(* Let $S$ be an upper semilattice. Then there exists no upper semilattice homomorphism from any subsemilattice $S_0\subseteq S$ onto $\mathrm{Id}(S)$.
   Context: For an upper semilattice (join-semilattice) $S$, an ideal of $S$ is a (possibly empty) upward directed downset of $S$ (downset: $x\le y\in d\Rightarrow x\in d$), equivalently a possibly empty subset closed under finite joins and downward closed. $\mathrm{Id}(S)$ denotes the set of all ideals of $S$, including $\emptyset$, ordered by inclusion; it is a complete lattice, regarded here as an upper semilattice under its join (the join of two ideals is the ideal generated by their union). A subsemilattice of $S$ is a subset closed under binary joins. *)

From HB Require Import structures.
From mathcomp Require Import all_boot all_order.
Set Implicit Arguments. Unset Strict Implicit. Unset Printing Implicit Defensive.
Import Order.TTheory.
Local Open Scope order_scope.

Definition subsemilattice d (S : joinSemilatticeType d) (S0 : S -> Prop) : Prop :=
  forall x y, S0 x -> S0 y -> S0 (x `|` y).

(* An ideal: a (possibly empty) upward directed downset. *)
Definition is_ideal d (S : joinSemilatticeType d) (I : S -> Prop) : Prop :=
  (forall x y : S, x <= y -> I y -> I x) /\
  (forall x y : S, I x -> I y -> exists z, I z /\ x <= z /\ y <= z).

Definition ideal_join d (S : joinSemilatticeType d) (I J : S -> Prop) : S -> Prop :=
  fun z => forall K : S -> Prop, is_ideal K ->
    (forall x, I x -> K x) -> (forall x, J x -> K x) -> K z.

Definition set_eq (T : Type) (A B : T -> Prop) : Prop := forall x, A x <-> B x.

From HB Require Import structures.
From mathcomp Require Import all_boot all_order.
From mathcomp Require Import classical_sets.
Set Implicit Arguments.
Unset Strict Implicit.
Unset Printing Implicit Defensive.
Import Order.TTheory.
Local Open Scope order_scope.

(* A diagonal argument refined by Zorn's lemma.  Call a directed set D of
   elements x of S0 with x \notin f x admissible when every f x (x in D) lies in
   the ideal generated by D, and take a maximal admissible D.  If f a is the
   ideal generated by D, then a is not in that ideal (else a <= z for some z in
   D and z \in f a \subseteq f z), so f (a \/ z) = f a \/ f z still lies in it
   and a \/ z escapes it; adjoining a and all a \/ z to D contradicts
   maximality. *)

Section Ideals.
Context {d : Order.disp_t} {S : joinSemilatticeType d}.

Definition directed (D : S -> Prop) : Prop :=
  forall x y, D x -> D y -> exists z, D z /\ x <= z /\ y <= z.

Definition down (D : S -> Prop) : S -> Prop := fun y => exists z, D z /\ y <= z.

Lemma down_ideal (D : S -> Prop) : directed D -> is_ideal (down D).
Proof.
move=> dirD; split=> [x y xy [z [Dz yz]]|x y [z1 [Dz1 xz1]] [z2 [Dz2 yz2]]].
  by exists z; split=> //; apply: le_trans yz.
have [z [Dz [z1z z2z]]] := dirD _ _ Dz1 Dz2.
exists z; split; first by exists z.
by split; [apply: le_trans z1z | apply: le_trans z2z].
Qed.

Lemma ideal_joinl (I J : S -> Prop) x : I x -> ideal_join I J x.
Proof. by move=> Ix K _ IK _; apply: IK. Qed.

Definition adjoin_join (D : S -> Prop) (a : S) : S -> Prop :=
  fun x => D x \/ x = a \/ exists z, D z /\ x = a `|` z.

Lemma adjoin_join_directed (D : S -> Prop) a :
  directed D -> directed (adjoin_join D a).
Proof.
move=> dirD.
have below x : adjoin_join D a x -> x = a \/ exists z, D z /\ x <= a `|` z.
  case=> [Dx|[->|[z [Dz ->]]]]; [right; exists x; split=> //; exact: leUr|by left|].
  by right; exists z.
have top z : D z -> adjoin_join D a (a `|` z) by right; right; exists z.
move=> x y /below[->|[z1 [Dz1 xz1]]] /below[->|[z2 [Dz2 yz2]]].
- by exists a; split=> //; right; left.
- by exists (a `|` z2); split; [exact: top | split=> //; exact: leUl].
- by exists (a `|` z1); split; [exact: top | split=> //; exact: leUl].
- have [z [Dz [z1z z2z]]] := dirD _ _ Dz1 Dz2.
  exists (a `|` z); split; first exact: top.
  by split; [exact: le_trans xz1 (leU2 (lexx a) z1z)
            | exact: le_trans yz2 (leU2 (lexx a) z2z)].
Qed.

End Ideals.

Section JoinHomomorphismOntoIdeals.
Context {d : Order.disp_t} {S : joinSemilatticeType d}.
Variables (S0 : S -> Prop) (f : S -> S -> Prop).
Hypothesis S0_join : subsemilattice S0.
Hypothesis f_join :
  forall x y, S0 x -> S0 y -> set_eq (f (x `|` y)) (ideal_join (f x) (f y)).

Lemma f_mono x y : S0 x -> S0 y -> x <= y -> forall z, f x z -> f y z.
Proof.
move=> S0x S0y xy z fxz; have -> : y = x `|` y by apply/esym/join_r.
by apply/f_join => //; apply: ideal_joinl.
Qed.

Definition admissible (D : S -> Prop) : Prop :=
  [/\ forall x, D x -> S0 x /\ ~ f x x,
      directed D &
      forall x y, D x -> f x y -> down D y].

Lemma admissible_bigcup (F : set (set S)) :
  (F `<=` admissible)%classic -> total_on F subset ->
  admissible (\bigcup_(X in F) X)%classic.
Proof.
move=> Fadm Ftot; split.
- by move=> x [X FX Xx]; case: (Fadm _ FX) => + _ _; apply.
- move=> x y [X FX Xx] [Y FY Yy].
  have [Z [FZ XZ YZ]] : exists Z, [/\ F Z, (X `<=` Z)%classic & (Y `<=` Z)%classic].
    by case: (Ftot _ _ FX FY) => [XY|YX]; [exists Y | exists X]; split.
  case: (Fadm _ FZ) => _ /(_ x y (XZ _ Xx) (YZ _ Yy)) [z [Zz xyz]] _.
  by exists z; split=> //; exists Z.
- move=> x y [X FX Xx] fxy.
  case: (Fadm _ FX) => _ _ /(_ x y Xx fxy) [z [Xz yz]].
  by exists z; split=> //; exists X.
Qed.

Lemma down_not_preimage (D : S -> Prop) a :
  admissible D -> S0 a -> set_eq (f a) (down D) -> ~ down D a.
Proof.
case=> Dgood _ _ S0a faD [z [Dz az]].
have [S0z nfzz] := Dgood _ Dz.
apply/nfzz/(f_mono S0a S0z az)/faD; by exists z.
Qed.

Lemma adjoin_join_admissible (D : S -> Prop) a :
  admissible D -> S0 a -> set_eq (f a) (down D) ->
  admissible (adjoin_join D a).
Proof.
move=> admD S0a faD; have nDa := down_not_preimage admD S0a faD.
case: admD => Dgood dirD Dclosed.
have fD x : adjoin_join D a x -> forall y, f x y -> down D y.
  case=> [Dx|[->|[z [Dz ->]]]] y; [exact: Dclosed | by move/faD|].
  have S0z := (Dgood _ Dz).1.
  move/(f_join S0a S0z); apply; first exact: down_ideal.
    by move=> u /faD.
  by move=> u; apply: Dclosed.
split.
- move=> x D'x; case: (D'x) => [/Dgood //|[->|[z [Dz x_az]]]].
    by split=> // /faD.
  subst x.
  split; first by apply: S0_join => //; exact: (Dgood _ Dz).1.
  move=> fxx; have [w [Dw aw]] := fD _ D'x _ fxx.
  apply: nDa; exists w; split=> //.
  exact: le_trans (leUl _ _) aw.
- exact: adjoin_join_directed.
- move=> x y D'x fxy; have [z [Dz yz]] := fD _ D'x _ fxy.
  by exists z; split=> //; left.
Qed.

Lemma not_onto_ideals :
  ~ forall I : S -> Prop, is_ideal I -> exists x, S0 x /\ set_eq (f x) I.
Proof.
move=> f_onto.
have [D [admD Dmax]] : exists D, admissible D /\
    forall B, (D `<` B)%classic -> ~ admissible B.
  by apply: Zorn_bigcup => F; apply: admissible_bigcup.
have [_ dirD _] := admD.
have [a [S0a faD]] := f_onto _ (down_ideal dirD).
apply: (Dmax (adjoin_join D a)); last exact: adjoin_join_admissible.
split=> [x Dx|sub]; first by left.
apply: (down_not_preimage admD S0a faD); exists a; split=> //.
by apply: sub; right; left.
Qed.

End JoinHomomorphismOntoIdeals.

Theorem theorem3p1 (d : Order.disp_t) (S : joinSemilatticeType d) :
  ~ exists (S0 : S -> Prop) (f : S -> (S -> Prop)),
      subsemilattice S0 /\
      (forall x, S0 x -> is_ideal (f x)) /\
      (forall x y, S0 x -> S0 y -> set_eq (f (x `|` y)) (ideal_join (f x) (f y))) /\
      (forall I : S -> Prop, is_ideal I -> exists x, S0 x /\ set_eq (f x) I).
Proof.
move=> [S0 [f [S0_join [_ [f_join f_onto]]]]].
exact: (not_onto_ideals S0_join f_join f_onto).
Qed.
- - -
ASSIGNMENT:
Give again exactly, and only, the lines above starting at the one with "case: (Fadm _ FX) => _" and ending at the one with "split; first by apply: S0_join".

EXERCISE ANSWER:
  case: (Fadm _ FX) => _ _ /(_ x y Xx fxy) [z [Xz yz]].
  by exists z; split=> //; exists X.
Qed.

Lemma down_not_preimage (D : S -> Prop) a :
  admissible D -> S0 a -> set_eq (f a) (down D) -> ~ down D a.
Proof.
case=> Dgood _ _ S0a faD [z [Dz az]].
have [S0z nfzz] := Dgood _ Dz.
apply/nfzz/(f_mono S0a S0z az)/faD; by exists z.
Qed.

Lemma adjoin_join_admissible (D : S -> Prop) a :
  admissible D -> S0 a -> set_eq (f a) (down D) ->
  admissible (adjoin_join D a).
Proof.
move=> admD S0a faD; have nDa := down_not_preimage admD S0a faD.
case: admD => Dgood dirD Dclosed.
have fD x : adjoin_join D a x -> forall y, f x y -> down D y.
  case=> [Dx|[->|[z [Dz ->]]]] y; [exact: Dclosed | by move/faD|].
  have S0z := (Dgood _ Dz).1.
  move/(f_join S0a S0z); apply; first exact: down_ideal.
    by move=> u /faD.
  by move=> u; apply: Dclosed.
split.
- move=> x D'x; case: (D'x) => [/Dgood //|[->|[z [Dz x_az]]]].
    by split=> // /faD.
  subst x.
  split; first by apply: S0_join => //; exact: (Dgood _ Dz).1.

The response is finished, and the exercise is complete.